Hi, trying to prepare some BAM files using picard/MarkDuplicates I got a SAM validation error (Padding operator not between real operators in CIGAR) for a few reads. I figured I'd remove them using FilterSamReads. I built a list of reads by running ValidateSamFile, then putting the read names into a text file to use as read list file. However, if I run the filtering step, FilterSamReads will stop with the same exception as MarkDuplicates, complaining about the very reads I'm trying to remove. I'm probably missing out on something here, but I'm stuck right now.
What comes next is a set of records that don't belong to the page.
(* W : a set of gamma-classes, given as a predicate on words (a class is
   in W iff its representatives satisfy W).  The class of w is <= some
   member of W iff class(t) = class(p) class(w) class(s) = class(p w s)
   for some words p, s and some t in W. *)
Definition below (W : word -> Prop) (w : word) : Prop :=
  exists p s t : word, W t /\ gamma (p ++ w ++ s) t.

(* maximal runs (letter, length) of a word *)
Definition runs (w : word) : seq (nat * nat) :=
  foldr (fun x r => match r with
                    | (y, k) :: r' => if x == y then (y, k.+1) :: r' else (x, 1) :: r
                    | [::] => [:: (x, 1)]
                    end) [::] w.

(* norm w: every maximal run x^k of w replaced by x if x is simple in w and
   by x^2 otherwise.  norm w is gamma-equivalent to w, and u gamma v iff
   norm u = norm v; so norm-fixed words are canonical representatives of
   gamma-classes. *)
Definition norm (w : word) : word :=
  flatten [seq nseq (if simple p.1 w then 1 else 2) p.1 | p <- runs w].

(* Elements: None = 0, Some c = the gamma-class with canonical representative
   c, for classes <= some member of W. *)
Definition Mg_car (W : word -> Prop) : Type :=
  option {w : word | norm w = w /\ below W w}.

Definition Mg_cls (W : word -> Prop) (c : word) : Mg_car W :=
  match excluded_middle_informative (norm c = c /\ below W c) with
  | left H => Some (exist _ c H)
  | right _ => None
  end.

Definition Mg_mul (W : word -> Prop) (a b : Mg_car W) : Mg_car W :=
  match a, b with
  | Some a, Some b => Mg_cls W (norm (proj1_sig a ++ proj1_sig b))
  | _, _ => None
  end.

(* identity: the class of the empty word (equal to 0 iff W is empty) *)
Definition Mgamma (W : word -> Prop) : magma :=
  @Magma (Mg_car W) (@Mg_mul W) (Mg_cls W [::]).

(* letters x := 0, y := 1 *)
(* xx^+yy^+ : the gamma-class of x^2 y^2 *)
Definition W_xxyy : word -> Prop := gamma [:: 0; 0; 1; 1].

Definition wpow (w : word) (n : nat) : word := flatten (nseq n w).

(* M_gamma(xx^+yy^+) is the image of the monoid Mxy of exponent pairs (i, j), i, j <= 2,
   plus a zero, in which y^j x^k = 0 for j, k > 0.  If it lies outside V, some identity
   u ~ v of V fails in Mxy under an assignment g; replacing every letter z by a word
   x^i y^j representing g z gives an identity U ~ V of V in x and y whose sides take
   different values in Mxy.  If both sides have the form x^a y^b, their exponents of x or
   of y differ after capping at 2, so V satisfies z^c ~ z^d with c < d and c <= 1; with
   z^n ~ z^(n+1) this gives z ~ z^n.  Otherwise exactly one side, say U, has that form:
   evaluated at the idempotents X = p^n, Y = q^n and multiplied by X on the left and by
   Y on the right, U becomes XY while V becomes (XY)^k with k >= 2, so XY = (XY)^n. *)

From Pilot Require Import Defs.
From mathcomp Require Import all_boot.
From Stdlib Require Import Classical ClassicalEpsilon.
Set Implicit Arguments. Unset Strict Implicit.

Definition le01 (a b : nat) : bool := a <= b <= 1.

Definition xy_sorted (w : word) : bool := path le01 0 w.

Lemma xy_sorted0 w : xy_sorted (0 :: w) = xy_sorted w.
Proof. by []. Qed.

Lemma xy_sorted1 w : xy_sorted (1 :: w) = xy_sorted w && (0 \notin w).
Proof.
rewrite /xy_sorted /=; elim: w => [|[|[|z]] w IH] //=; first by rewrite andbF.
by rewrite inE /= IH -andbA andbb.
Qed.

Lemma xy_sorted_of_notin0 w : all (fun z => z <= 1) w -> 0 \notin w -> xy_sorted w.
Proof.
elim: w => [|[|[|z]] w IH] //= w01; rewrite inE /= xy_sorted1 => w0.
by rewrite w0 IH.
Qed.

Lemma xy_sortedE w :
  xy_sorted w -> w = nseq (count_mem 0 w) 0 ++ nseq (count_mem 1 w) 1.
Proof.
elim: w => [|[|[|z]] w IH] //.
  by rewrite xy_sorted0 /= add0n => /IH {1}->.
rewrite xy_sorted1 => /andP [/IH w01 /count_memPn w0] /=.
by rewrite w0 /= {1}w01 w0.
Qed.

Lemma path_le01_expand y xs es : size es = size xs -> all (fun e => 0 < e) es ->
  path le01 y (expand xs es) = path le01 y xs.
Proof.
elim: xs y es => [|x xs IH] y [|e es] //= [size_es] /andP [e_gt0 es_gt0].
rewrite /expand /= -/(expand xs es).
case: e e_gt0 => // e _ /=; case yx: (le01 y x) => //=.
have x1 : x <= 1 by case/andP: yx.
suff -> : path le01 x (nseq e x ++ expand xs es) = path le01 x (expand xs es) by rewrite IH.
by elim: e => //= e ->; rewrite /le01 leqnn x1.
Qed.

Lemma gamma_xy_sorted u v : gamma u v -> xy_sorted u = xy_sorted v.
Proof.
case=> _ [xs [es [fs [size_es [size_fs [es_gt0 [fs_gt0 [-> ->]]]]]]]].
by rewrite /xy_sorted !path_le01_expand.
Qed.

Lemma xy_sorted_infix p w s : xy_sorted (p ++ w ++ s) -> xy_sorted w.
Proof.
rewrite /xy_sorted !cat_path => /and3P [_ + _].
by case: w => //= z w /andP [/andP [_ z1] ->]; rewrite /le01 z1.
Qed.

Definition mpow (M : magma) (x : M) (k : nat) : M := iter k (mop x) (munit M).
Arguments mpow : simpl never.

Section MonoidPowers.

Variable M : magma.
Hypothesis HM : is_monoid M.
Let mopA : forall a b c : M, mop a (mop b c) = mop (mop a b) c := HM.1.
Let mop1m : forall a : M, mop (munit M) a = a := HM.2.1.
Let mopm1 : forall a : M, mop a (munit M) = a := HM.2.2.

Lemma mpow0 (x : M) : mpow x 0 = munit M.
Proof. by []. Qed.

Lemma mpowS (x : M) k : mpow x k.+1 = mop x (mpow x k).
Proof. by []. Qed.

Lemma mpow1 (x : M) : mpow x 1 = x.
Proof. exact: mopm1. Qed.

Lemma mpowD (x : M) a b : mpow x (a + b) = mop (mpow x a) (mpow x b).
Proof. by elim: a => [|a IH]; rewrite ?mop1m // addSn !mpowS IH mopA. Qed.

Lemma mpowSr (x : M) k : mpow x k.+1 = mop (mpow x k) x.
Proof. by rewrite -addn1 mpowD mpow1. Qed.

Lemma mpow_shift (x y : M) k : mop x (mpow (mop y x) k) = mop (mpow (mop x y) k) x.
Proof.
elim: k => [|k IH]; first by rewrite mop1m mopm1.
by rewrite !mpowS -(mopA (mop x y)) -IH !mopA.
Qed.
Lemma ge0_integral_same_distribution (R : realType) d d' (T : measurableType d)
    (V : measurableType d') (mu : measure T R) (X Y : T -> V) (F : V -> R) :
  measurable_fun setT X -> measurable_fun setT Y ->
  (forall S, measurable S -> mu (X @^-1` S) = mu (Y @^-1` S)) ->
  measurable_fun setT F -> (forall v, (0 <= F v)%R) ->
  \int[mu]_w (F (X w))%:E = \int[mu]_w (F (Y w))%:E.
Proof.
move=> mX mY XY mF F0.
have mEF : measurable_fun [set: V] (EFin \o F) by apply/measurable_EFinP.
have EF0 : {in setT, forall v, 0 <= (F v)%:E} by move=> v _; rewrite lee_fin.
have := ge0_integral_pushforward mX mu measurableT mEF EF0.
have := ge0_integral_pushforward mY mu measurableT mEF EF0.
rewrite !preimage_setT => <- <-.
by apply: eq_measure_integral => S mS _; exact: XY.
Qed.

Section Expectations.
Variables (R : realType) (n : nat) (rho0 : op R n).
Variables (d : measure_display) (Omega : measurableType d) (P : probability Omega R).
Variable U : Omega -> op R n.
Hypothesis mU : random_op U.

Definition evolve (M : op_meas R n) : op R n := M *m rho0 *m adj M.

Definition pauli_sqr (q : {ffun 'I_n -> 'I_4}) (M : op_meas R n) : R :=
  complex.Re (\tr (pauli R q *m evolve M)) ^+ 2.

Definition DHS_sqr (A : {set 'I_n}) (M : op_meas R n) : R :=
  DHS (ptrace A (evolve M)) ^+ 2.

Lemma measurable_mx_evolve : measurable_mx evolve.
Proof.
apply: measurable_mxM; last exact/measurable_mx_adj/measurable_mx_id.
exact/measurable_mxM/measurable_mx_cst/measurable_mx_id.
Qed.

Lemma measurable_pauli_sqr q : measurable_fun setT (pauli_sqr q).
Proof.
apply: measurable_funX.
exact: (measurable_cplx_trace (measurable_mxM (measurable_mx_cst _) measurable_mx_evolve)).1.
Qed.

Lemma measurable_DHS_sqr A : measurable_fun setT (DHS_sqr A).
Proof.
rewrite /DHS_sqr /DHS; under eq_fun do rewrite frob_sqr.
apply: (measurable_cplx_trace (measurable_mxM _ (measurable_mx_adj _))).1;
  apply/measurable_mxB/measurable_mx_cst/measurable_mx_ptrace/measurable_mx_evolve.
Qed.

Lemma measurable_U : measurable_fun setT (U : Omega -> op_meas R n).
Proof. exact: measurable_fun_op_meas. Qed.

Lemma expectation_pauli_sqr_same_supp (p q : {ffun 'I_n -> 'I_4}) :
  locally_scrambling P U -> supp q = supp p ->
  \int[P]_w (pauli_sqr q (U w))%:E = \int[P]_w (pauli_sqr p (U w))%:E.
Proof.
move=> scrambling qp.
have pq k : (p k == 0%R) = (q k == 0%R).
  by apply: negb_inj; move/setP/(_ k): qp; rewrite !inE => ->.
have [V cliffV twirl] := clifford_twirl_pauli R pq.
have {}twirl w : pauli_sqr p (tensor V *m U w) = pauli_sqr q (U w).
  by rewrite /pauli_sqr /evolve -twirl adjM !mulmxA.
under eq_integral do rewrite -twirl.
apply: ge0_integral_same_distribution (measurable_pauli_sqr p) _ => //.
- exact/measurable_fun_op_meas/measurable_mxM/mU/measurable_mx_cst.
- exact: measurable_U.
- exact: scrambling.
- by move=> M; exact: sqr_ge0.
Qed.
(* The offsets c make the statement stable under conditioning on the first coordinate. *)
Lemma ln_mu_int_exp_tilt_sup_le n (th : cube m -> 'I_n -> R) c :
  ln (mu_int (fun x => expR (tilt_sup th c x))) <= mu_int (lin_sup th c).
Proof.
elim: n th c => [|n IH] th c.
  have tilt0 x : tilt_sup th c x = supcube c.
    rewrite /tilt_sup; congr supcube; apply: funext => y.
    by rewrite /inner /logLaplace !big_ord0 subr0 add0r.
  have lin0 x : lin_sup th c x = supcube c.
    rewrite /lin_sup; congr supcube; apply: funext => y.
    by rewrite /inner big_ord0 mulr0 add0r.
  by rewrite (eq_mu_int lin0) (eq_mu_int (fun x => congr1 expR (tilt0 x))) !mu_int_cst expRK.
have expG_gt0 b : 0 < mu_int (fun x => expR (tilt_sup (tail th) (head_offset th c b) x)).
  by apply: mu_int_gt0 => x; apply: expR_gt0.
have IHexp b : mu_int (fun x => expR (tilt_sup (tail th) (head_offset th c b) x))
    <= expR (mu_int (lin_sup (tail th) (head_offset th c b))).
  by have := IH (tail th) (head_offset th c b); rewrite -ler_expR lnK // posrE.
rewrite mu_int_cons; under eq_mu_int => x do rewrite !tilt_sup_cons.
rewrite mu_intZr mu_intD.
apply: (@le_trans _ _ (logmeanexp (mu_int (lin_sup (tail th) (head_offset th c true)))
                                  (mu_int (lin_sup (tail th) (head_offset th c false))))).
  rewrite /logmeanexp ler_ln ?posrE ?divr_gt0 ?addr_gt0 ?expR_gt0 ?expG_gt0 //.
  by rewrite ler_wpM2r ?invr_ge0 // lerD.
apply: le_trans; first exact: logmeanexp_jensen.
by rewrite [X in _ <= X]mu_int_cons; apply: ler_mu_int => x; apply: logmeanexp_lin_sup_cons_le.
Qed.

End TiltedSup.

Section EntropyIdentity.
Variable R : realType.
Implicit Types (n : nat).

Lemma I1_tanh (s : R) : I1 (tanh s) = s * tanh s - lncosh s.
Proof.
have C_gt0 : 0 < (expR s + expR (- s)) / 2 by rewrite divr_gt0 ?addr_gt0 ?expR_gt0.
have S_neq0 : expR s + expR (- s) != 0 by rewrite gt_eqF ?addr_gt0 ?expR_gt0.
have ln1D : ln (1 + tanh s) = s - lncosh s.
  have -> : 1 + tanh s = expR s * ((expR s + expR (- s)) / 2)^-1 by rewrite /tanh; field.
  by rewrite lnM ?posrE ?expR_gt0 ?invr_gt0 // lnV ?posrE // expRK.
have ln1B : ln (1 - tanh s) = - s - lncosh s.
  have -> : 1 - tanh s = expR (- s) * ((expR s + expR (- s)) / 2)^-1 by rewrite /tanh; field.
  by rewrite lnM ?posrE ?expR_gt0 ?invr_gt0 // lnV ?posrE // expRK.
by rewrite /I1 ln1D ln1B; field.
Qed.

Lemma expR_1Btanh_half (a b : R) :
  expR a * (1 - tanh ((a - b) / 2)) = expR b * (1 + tanh ((a - b) / 2)).
Proof.
set d := (a - b) / 2.
have -> : expR a = expR b * expR d * expR d by rewrite -!expRD /d; congr expR; field.
have d_gt0 := expR_gt0 d.
rewrite /tanh expRN.
by field; rewrite !gt_eqF ?addr_gt0 ?mulr_gt0.
Qed.

Lemma setc_id n (x : cube n) i : setc x i (x i) = x.
Proof. by apply/ffunP => j; rewrite ffunE; case: eqP => [->|]. Qed.

Lemma setc_setc n (x : cube n) i b b' : setc (setc x i b) i b' = setc x i b'.
Proof. by apply/ffunP => j; rewrite !ffunE; case: (j == i). Qed.

Lemma dpart_setc n (f : cube n -> R) i x b : dpart f i (setc x i b) = dpart f i x.
Proof. by rewrite /dpart !setc_setc. Qed.

Definition flipc n (i : 'I_n) (x : cube n) : cube n := setc x i (~~ x i).

Lemma flipcK n (i : 'I_n) : involutive (flipc i).
Proof. by move=> x; rewrite /flipc setc_setc ffunE eqxx negbK setc_id. Qed.

Lemma big_flipc_odd_eq0 n (i : 'I_n) (h : cube n -> R) :
  (forall x, h x + h (flipc i x) = 0) -> \sum_x h x = 0.
Proof.
move=> h_odd.
have sum_flipc : \sum_x h x = \sum_x h (flipc i x) by rewrite (reindex_inj (inv_inj (flipcK i))).
have : \sum_x h x + \sum_x h x = 0.
  by rewrite {2}sum_flipc -big_split big1 // => x _; apply: h_odd.
lra.
Qed.

(* e^{f(x+)} : e^{f(x-)} = (1 + tanh d) : (1 - tanh d) for d = dpart f i x,
   so the terms at x+ and x- cancel. *)
Lemma sum_dpart_coordBtanh_eq0 n (f : cube n -> R) (i : 'I_n) :
  \sum_x expR (f x) * (dpart f i x * (Defs.coord R x i - tanh (dpart f i x))) = 0.
Proof.
set h := fun x => expR (f x) * (dpart f i x * (Defs.coord R x i - tanh (dpart f i x))).
apply: (@big_flipc_odd_eq0 n i h) => x.
have pair0 : h (setc x i true) + h (setc x i false) = 0.
  rewrite /h !dpart_setc /Defs.coord !ffunE eqxx /=.
  have := expR_1Btanh_half (f (setc x i true)) (f (setc x i false)).
  rewrite -/(dpart f i x); set d := dpart f i x; set t := tanh d => balance.
  have -> : expR (f (setc x i true)) * (d * (1 - t)) + expR (f (setc x i false)) * (d * (-1 - t))
    = d * (expR (f (setc x i true)) * (1 - t) - expR (f (setc x i false)) * (1 + t)) by ring.
  by rewrite balance subrr mulr0.
have -> : h x = h (setc x i (x i)) by rewrite setc_id.
rewrite /flipc.
by case: (x i) pair0 => //; rewrite addrC.
Qed.

Lemma calIE n (f : cube n -> R) :
  calI f = nu_int f (fun x => inner (dgrad f x) x - logLaplace (dgrad f x)).
Proof.
rewrite /calI /nu_int /mu_int; congr (_ * _); apply/eqP; rewrite -subr_eq0 -sumrB.
have pointwise x : expR (f x) * Ient (gradLambda (dgrad f x)) -
    expR (f x) * (inner (dgrad f x) x - logLaplace (dgrad f x)) =
    - \sum_i expR (f x) * (dpart f i x * (Defs.coord R x i - tanh (dpart f i x))).
  rewrite /Ient /gradLambda /dgrad /inner /logLaplace -sumrB -mulrBr -sumrB mulr_sumr -sumrN.
  by apply: eq_bigr => i _; rewrite I1_tanh; ring.
rewrite (eq_bigr _ (fun x _ => pointwise x)) sumrN exchange_big /=.
by rewrite big1 ?oppr0 // => i _; apply: sum_dpart_coordBtanh_eq0.
Qed.

End EntropyIdentity.

Lemma donsker_varadhan (R : realType) n (f g : cube n -> R) :
  mu_int (fun x => expR (f x)) = 1 ->
  nu_int f g <= relent f + ln (mu_int (fun x => expR (g x))).
Proof.
move=> f_norm.
set Z := mu_int (fun x => expR (g x)).
have Z_gt0 : 0 < Z by apply: mu_int_gt0 => x; apply: expR_gt0.
have pointwise x : expR (f x) * g x <=
    expR (f x) * f x + (expR (f x) * (ln Z - 1) + expR (g x) * Z^-1).
  have := ler_wpM2l (ltW (expR_gt0 (f x))) (expR_ge1Dx (g x - f x - ln Z)).
  have -> : expR (f x) * expR (g x - f x - ln Z) = expR (g x) * Z^-1.
    rewrite !expRD !expRN lnK ?posrE //.
    by field; rewrite !gt_eqF ?expR_gt0.
  nra.
apply: le_trans (ler_mu_int pointwise) _.
by rewrite !mu_intD !mu_intZr f_norm -/Z mulfV ?gt_eqF // /relent /nu_int; lra.
Qed.

Theorem proposition2p14 (R : realType) :
  exists kappa : R, 0 < kappa /\
    forall (n : nat) (f : cube n -> R),
      mu_int (fun x => expR (f x)) = 1 ->
      calI f <= relent f + kappa * gauss_width f.
Proof.
exists 2; split=> [|n f f_norm]; first by rewrite ltr0n.
set G := tilt_sup (dgrad f) (fun _ => 0).
have calI_le : calI f <= nu_int f G.
  rewrite calIE /nu_int; apply: ler_mu_int => x; rewrite ler_wpM2l ?expR_ge0 //.
  have := le_supcube (fun y => inner (dgrad f y) x - logLaplace (dgrad f y) + 0) x.
  by rewrite addr0.
have lin_le : mu_int (lin_sup (dgrad f) (fun _ => 0)) <= 2 * gauss_width f.
  rewrite /gauss_width -mu_intZ; apply: ler_mu_int => x.
  apply: supcube_le => y; rewrite addr0 ler_pM2l ?ltr0n //.
  exact: (le_supcube (fun y => inner (dgrad f y) x) y).
apply: le_trans calI_le _.
apply: le_trans (donsker_varadhan G f_norm) _.
by rewrite lerD2l; apply: le_trans (ln_mu_int_exp_tilt_sup_le _ _) lin_le.
Qed.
Picard version used is: 2.16.0-1-g763d98e-SNAPSHOT, Java is: OpenJDK 64-Bit Server VM 1.8.0_131-8u131-b11-1~bpo8+1-b11, command is:
java -jar /home/picard/build/libs/picard.jar FilterSamReads I=input.bam FILTER=excludeReadList O=output.bam USE_JDK_INFLATER=true USE_JDK_DEFLATER=true RLF=input.bam.brokenreads
Exception thrown is:
ERROR 2017-12-12 14:48:43 FilterSamReads Failed to filter 1724-0121-WholeExome_S1_L001_R1_001_paired.bam
htsjdk.samtools.SAMFormatException: SAM validation error: ERROR: Read name NS500396:228:HKL5MBGX2:1:12210:18362:13274_2:N:0:TAAGGCGA, Padding operator not between real operators in CIGAR
at htsjdk.samtools.SAMUtils.processValidationErrors(SAMUtils.java:454)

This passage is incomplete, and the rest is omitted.